На стульях были книги и шмотьё, под стульями тюки, шмотьё и книги.
Одну Игнатий поднял и протёр обложку рукавом. “…е на Кон-Тики” –
смог разобрать. “Должно быть, Хейердал” - подумалось ему. Из любопытства
он книгу не спеша перелистал, да отложил, да начал в прочих рыться,
да как пошёл их все перебирать, да как, всерьёз увлёкшись этим делом,
чуть не забыл о том, что ни вчера, ни нынче днём, так толком и не ел он!

                Вот, с этого-то всё и началось!

Вчера, в один из тех безликих дней, в преддверии ноябрьских гуляний, 
когда “без двадцати” в сто крат темней, чем “в половину”, лёжа на диване,
Игнатий размышлял - приток Оби, четыре буквы, по горизонтали,
вторая “Л”, кончается на “Й”… как в дверь его “однушки” постучали.
Игнат: “Чего угодно?” “Это Лось! Пахом Ильич, до Вас имею дело!”
- Вот, с этого-то всё и началось! Вот, с этого-то всё и завертелось! –
“Во-первых, никакой я не Пахом! Тем паче, не Ильич! Какого чёрта?!
И, во-вторых, я с Вами не знаком и знать Вас не желаю, сучья мода!”
“Да, полноте! Пахомушка, родной! Зачем так горячиться? Открывайте!”
“Проваливайте!” “Я никто иной, как Женя Лось! Мы виделись… на Мальте.
Евгений Александрович. Женёк. Женюля. Жека. Женечка. Евгеша.
Припоминайте – полдень, солнцепёк, скалистый берег, юноша с депешей…
Я – это Он! Припомнили? Ну, вот!” “Проваливайте!” “Совестно, однако!
Пахом Ильич, ау! Труба зовёт! Откройте же!” “Да, чтоб ты сдох, собака!”
“Собака? Вы ошиблись! Это Лось! Пахом Ильич, до Вас имею дело!”
- Вот, с этого-то всё и началось! Вот, с этого-то всё и завертелось!

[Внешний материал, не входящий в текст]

(* psi nested in phi2, nested in phi1; the arguments of phi2 avoid x0. *)
Definition psi_in_phi2 (a b c1 c2 u v1 v2 : seq ent) : W :=
  sgnz (dpsi * degs (c1 ++ c2) + degs (x0 :: a ++ b) * degs (c1 ++ c2 ++ u ++ v1 ++ v2) + d2 * degs c1)
   (F (N1 (obj_after (a ++ b)) (c1 ++ N2 (obj_after (a ++ b ++ c1))
          (c2 ++ Np (obj_after (a ++ b ++ c1 ++ c2)) u :: v1) :: v2 ++ x0 :: a) :: b)).

(* psi nested in phi2, nested in phi1; the arguments of phi2 contain x0. *)
Definition psi_in_phi2_wrap (a1 a2 b c1 c2 u v : seq ent) : W :=
  sgnz (dpsi * degs (c1 ++ c2) + degs (x0 :: a1 ++ a2 ++ b) * degs (c1 ++ c2 ++ u ++ v) + d2 * degs c1)
   (F (N1 (obj_after (a1 ++ a2 ++ b)) (c1 ++ N2 (obj_after (a1 ++ a2 ++ b ++ c1))
          (c2 ++ Np (obj_after (a1 ++ a2 ++ b ++ c1 ++ c2)) u :: v ++ x0 :: a1) :: a2) :: b)).

Definition phi2_wrap_after_psi (a1 a2 b c u v1 v2 : seq ent) : W :=
  sgnz (dpsi * degs c + degs (x0 :: a1 ++ a2 ++ b) * degs (c ++ u ++ v1 ++ v2)
        + d2 * (degs c + dpsi + degs u + degs v1))
   (F (N1 (obj_after (a1 ++ a2 ++ b)) (c ++ Np (obj_after (a1 ++ a2 ++ b ++ c)) u
          :: v1 ++ N2 (obj_after (a1 ++ a2 ++ b ++ c ++ u ++ v1)) (v2 ++ x0 :: a1) :: a2) :: b)).

Definition phi2_in_psi (a b c u1 u2 u3 v : seq ent) : W :=
  sgnz ((d2 + dpsi) * degs c + degs (x0 :: a ++ b) * degs (c ++ u1 ++ u2 ++ u3 ++ v)
        + d2 * dpsi + d2 * degs u1)
   (F (N1 (obj_after (a ++ b)) (c ++ Np (obj_after (a ++ b ++ c)) (u1 ++ N2 (obj_after (a ++ b ++ c ++ u1)) u2 :: u3)
          :: v ++ x0 :: a) :: b)).

(* psi inside phi1, and phi2 applied among the remaining tensor factors. *)
Definition phi2_outside (a b1 b2 b3 c u v : seq ent) : W :=
  sgnz (d1 * d2 + dpsi * degs c + degs (x0 :: a ++ b1 ++ b2 ++ b3) * degs (c ++ u ++ v)
        + d2 * (d1 + degs c + dpsi + degs u + degs v + e_deg x0 + degs a + degs b1))
   (F (N1 (obj_after (a ++ b1 ++ b2 ++ b3)) (c ++ Np (obj_after (a ++ b1 ++ b2 ++ b3 ++ c)) u :: v ++ x0 :: a)
        :: b1 ++ N2 (obj_after (a ++ b1)) b2 :: b3)).

(* rho_{phi1 o phi2, psi}: phi2 may sit before, around, or after psi. *)
Lemma rho_comp_expand : rhot (d1 + d2) dpsi (gcomp d1 d2 phi1 phi2) psi F (x0 :: y) =
  dsum7 phi2_then_psi y + (dsum7 psi_in_phi2 y + dsum7 psi_in_phi2_wrap y) + (dsum7 psi_then_phi2 y + dsum7 phi2_wrap_after_psi y + dsum7 phi2_after_x0 y).
Proof.
rewrite rhot_dsum.
rewrite_deep (F_ins_gcomp hF).
rewrite_deep sgnz_dsum. rewrite_deep sgnz_sgnz.
rewrite_deep dsum_cat_entry.
rewrite_deep dsumD.
congr (_ + (_ + _) + (_ + _ + _)).
- at_depth 3%N ltac:(idtac; pull_out 1%N). at_depth 2%N ltac:(idtac; regroup).
  at_depth 4%N ltac:(idtac; pull_out 1%N). at_depth 3%N ltac:(idtac; regroup).
  dsum7_congr; rewrite /phi2_then_psi /obj_after; match_term.
- at_depth 3%N ltac:(idtac; pull_out 1%N). at_depth 2%N ltac:(idtac; regroup).
  dsum7_congr; rewrite /psi_in_phi2 /obj_after; match_term.
- at_depth 3%N ltac:(idtac; pull_out 1%N). at_depth 2%N ltac:(idtac; regroup).
  at_depth 1%N ltac:(idtac; pull_out 4%N). regroup.
  dsum7_congr; rewrite /psi_in_phi2_wrap /obj_after; match_term.
- dsum7_congr; rewrite /psi_then_phi2 /obj_after; match_term.
- at_depth 1%N ltac:(idtac; pull_out 4%N). regroup.
  dsum7_congr; rewrite /phi2_wrap_after_psi /obj_after; match_term.
- at_depth 1%N ltac:(idtac; pull_out 3%N). regroup.
  at_depth 2%N ltac:(idtac; pull_out 3%N). at_depth 1%N ltac:(idtac; regroup).
  dsum7_congr; rewrite /phi2_after_x0 /obj_after; match_term.
Qed.

Lemma rho_bracket_expand : rhot d1 (d2 + dpsi) phi1 (gbracket d2 dpsi phi2 psi) F (x0 :: y) =
  dsum7 psi_in_phi2 y - dsum7 phi2_in_psi y.
Proof.
rewrite rhot_dsum.
rewrite_deep (F_ins_gbr hF d2 dpsi phi2 psi h1).
rewrite_deep sgnzD. rewrite_deep sgnzN.
rewrite_deep dsumD. rewrite_deep dsumN.
rewrite_deep sgnz_dsum. rewrite_deep sgnz_sgnz.
congr (_ - _).
- at_depth 3%N ltac:(idtac; regroup). at_depth 4%N ltac:(idtac; regroup).
  dsum7_congr; rewrite /psi_in_phi2 /obj_after; match_term.
- at_depth 3%N ltac:(idtac; regroup). at_depth 4%N ltac:(idtac; regroup).
  dsum7_congr; rewrite /phi2_in_psi /obj_after; match_term.
Qed.

Lemma rho_L1_expand : sgnz (d1 * d2) (rhot d1 dpsi phi1 psi (L1t d2 phi2 F) (x0 :: y)) = dsum7 phi2_outside y.
Proof.
rewrite rhot_dsum sgnz_dsum.
rewrite_deep L1t_dsum.
rewrite_deep sgnz_dsum.
rewrite_deep sgnz_sgnz.
at_depth 1%N ltac:(idtac; at_depth 1%N ltac:(idtac; pull_out 2%N); regroup).
at_depth 2%N ltac:(idtac; at_depth 1%N ltac:(idtac; pull_out 2%N); regroup).
dsum7_congr; rewrite /phi2_outside /obj_after; match_term.
Qed.

Lemma L1_rho_expand : sgnz (d1 * d2 + d2 * (d1 + dpsi)) (L1t d2 phi2 (rhot d1 dpsi phi1 psi F) (x0 :: y))
  = dsum7 psi_then_phi2 y + dsum7 phi2_in_psi y + dsum7 phi2_then_psi y + dsum7 phi2_outside y + dsum7 phi2_after_x0 y.
Proof.
rewrite L1t_dsum sgnz_dsum.
rewrite_deep rhot_dsum.
rewrite_deep dsum_cat_entry.
do 3 (rewrite_deep sgnzD; rewrite_deep sgnz_dsum; rewrite_deep dsumD).
rewrite_deep sgnz_sgnz.
congr (_ + _ + _ + _ + _).
- at_depth 1%N ltac:(idtac; pull_out 1%N). regroup.
  at_depth 2%N ltac:(idtac; pull_out 1%N). at_depth 1%N ltac:(idtac; regroup).
  at_depth 3%N ltac:(idtac; pull_out 1%N). at_depth 2%N ltac:(idtac; regroup).
  at_depth 4%N ltac:(idtac; pull_out 1%N). at_depth 3%N ltac:(idtac; regroup).
  dsum7_congr; rewrite /psi_then_phi2 /obj_after; match_term.
- at_depth 1%N ltac:(idtac; pull_out 1%N). regroup.
  at_depth 2%N ltac:(idtac; pull_out 1%N). at_depth 1%N ltac:(idtac; regroup).
  at_depth 3%N ltac:(idtac; pull_out 1%N). at_depth 2%N ltac:(idtac; regroup).
  dsum7_congr; rewrite /phi2_in_psi /obj_after; match_term.
- at_depth 1%N ltac:(idtac; pull_out 1%N). regroup.
  at_depth 2%N ltac:(idtac; pull_out 1%N). at_depth 1%N ltac:(idtac; regroup).
  dsum7_congr; rewrite /phi2_then_psi /obj_after; match_term.
- at_depth 1%N ltac:(idtac; pull_out 1%N). regroup.
  dsum7_congr; rewrite /phi2_outside /obj_after; match_term.
- dsum7_congr; rewrite /phi2_after_x0 /obj_after; match_term.
Qed.

Lemma L0_rho_expand : sgnz (d1 * d2 + d2 * (d1 + dpsi)) (L0t d2 phi2 (rhot d1 dpsi phi1 psi F) (x0 :: y))
  = dsum7 phi2_wrap_after_psi y.
Proof.
rewrite L0t_dsum sgnz_dsum.
rewrite_deep rhot_dsum.
rewrite_deep sgnz_dsum.
rewrite_deep sgnz_sgnz.
at_depth 1%N ltac:(idtac; regroup). at_depth 2%N ltac:(idtac; regroup).
at_depth 3%N ltac:(idtac; regroup). at_depth 4%N ltac:(idtac; regroup).
dsum7_congr; rewrite /phi2_wrap_after_psi /obj_after; match_term.
Qed.

Lemma rho_L0_expand : rhot d2 dpsi phi2 psi (L0t d1 phi1 F) (x0 :: y) = dsum7 psi_in_phi2_wrap y.
Proof.
rewrite rhot_dsum.
rewrite_deep L0t_dsum.
rewrite_deep sgnz_dsum.
rewrite_deep sgnz_sgnz.
at_depth 1%N ltac:(idtac; at_depth 1%N ltac:(idtac; pull_out 2%N); regroup).
at_depth 2%N ltac:(idtac; at_depth 1%N ltac:(idtac; pull_out 2%N); regroup).
dsum7_congr.
rewrite /psi_in_phi2_wrap /obj_after; match_term.
Qed.

Lemma cancel_terms (V : zmodType) (g1 g2 g3 g4 g5 g6 g7 g8 t6 : V) :
  g1 + (g4 + g5) + (g2 + g6 + g3) - (g4 - g7) + (g8 + t6 - (g2 + g7 + g1 + g8 + g3 + g6)) = g5 + t6.
Proof.
rewrite !opprD !opprK !addrA.
rewrite (ACl ((1*13)*(2*7)*(4*11)*(8*12)*(9*14)*(6*15)*(5*16)*(3*10)))%AC /=.
by rewrite !subrr !add0r.
Qed.

Lemma identity_on_chain :
  rhot (d1 + d2) dpsi (gcomp d1 d2 phi1 phi2) psi F (x0 :: y)
  - rhot d1 (d2 + dpsi) phi1 (gbracket d2 dpsi phi2 psi) F (x0 :: y)
  + sgnz (d1 * d2) (commLrhot d2 d1 dpsi phi2 phi1 psi F (x0 :: y))
  = Tt d1 d2 dpsi phi1 phi2 psi F (x0 :: y)
    + sgnz (d1 * d2) (Tt d2 d1 dpsi phi2 phi1 psi F (x0 :: y)).
Proof.
rewrite /commLrhot /Tt /Lt rhot_addF.
rewrite !sgnzD sgnzN sgnzD !sgnz_sgnz.
rewrite rho_comp_expand rho_bracket_expand rho_L1_expand L1_rho_expand L0_rho_expand rho_L0_expand.
exact: cancel_terms.
Qed.
End Main.

Theorem mainTheorem14 (R : comNzRingType) (Ob : Type)
  (H : Ob -> Ob -> int -> lmodType R)
  (d1 d2 dpsi : int) (phi1 phi2 psi : cochain H)
  (h1 : is_cochain d1 phi1) (h2 : is_cochain d2 phi2) (hpsi : is_cochain dpsi psi)
  (W : lmodType R) (F : seq (entry H) -> W) (hF : multilinear F)
  (xs : seq (entry H)) (hxs : cyclic_chain xs) :
  rhot (d1 + d2) dpsi (gcomp d1 d2 phi1 phi2) psi F xs
  - rhot d1 (d2 + dpsi) phi1 (gbracket d2 dpsi phi2 psi) F xs
  + sgnz (d1 * d2) (commLrhot d2 d1 dpsi phi2 phi1 psi F xs)
  = Tt d1 d2 dpsi phi1 phi2 psi F xs
    + sgnz (d1 * d2) (Tt d2 d1 dpsi phi2 phi1 psi F xs).
Proof.
case: xs hxs => [//|x0 y] _.
exact: (identity_on_chain d2 dpsi phi2 psi h1 hF x0 y).
Qed.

                Я слышать не желаю Вас!

Чего Игнату вздумалось грубить, и сам не понимал он. Вероятно,
его в конец заел мещанский быт, да собственная лень, да заурядность
(не бесталанность - он имел талант, но до того неразвитый и блёклый, 
“бесцветный до прозрачности” – Игнат к селекции морозостойкой свёклы
имел предрасположенность), долги, как следствие - безденежье и дрязги,
как следствие – изжога, фарингит, привычка по ночам зубами лязгать,
ну и конечно, острый геморрой. Ввиду его наличия, Игнатий
отсиживался дома. “Ну, открой! Ну, полноте дурачиться, ну хватит!
Пахом Ильич! Пахомушка! Впусти! Чем хошь клянусь, не терпит отлагательств…”
Однако же, какой занятный тип! – пришло на ум Игнату. “Председатель
распорядился лично! Открывай! Бартоломео, лично!” Вот ведь чудик!
В дверной глазок виднелась голова настырного субъекта, что, по сути,
ни в чём был не виновен: ну, горласт, ну, этажом ошибся или дверью.
Пора бы объясниться… “Как там Вас? Товарищ Лось - довольно фанаберий! -
Пахома нет! И не было! Jawohl?” “Пахомушка, на что же ты озлился?”
“Я слышать не желаю Вас!”
                “Изволь!” – сказал субъект и тотчас испарился.
Вот так Игнатий Менгелер оглох...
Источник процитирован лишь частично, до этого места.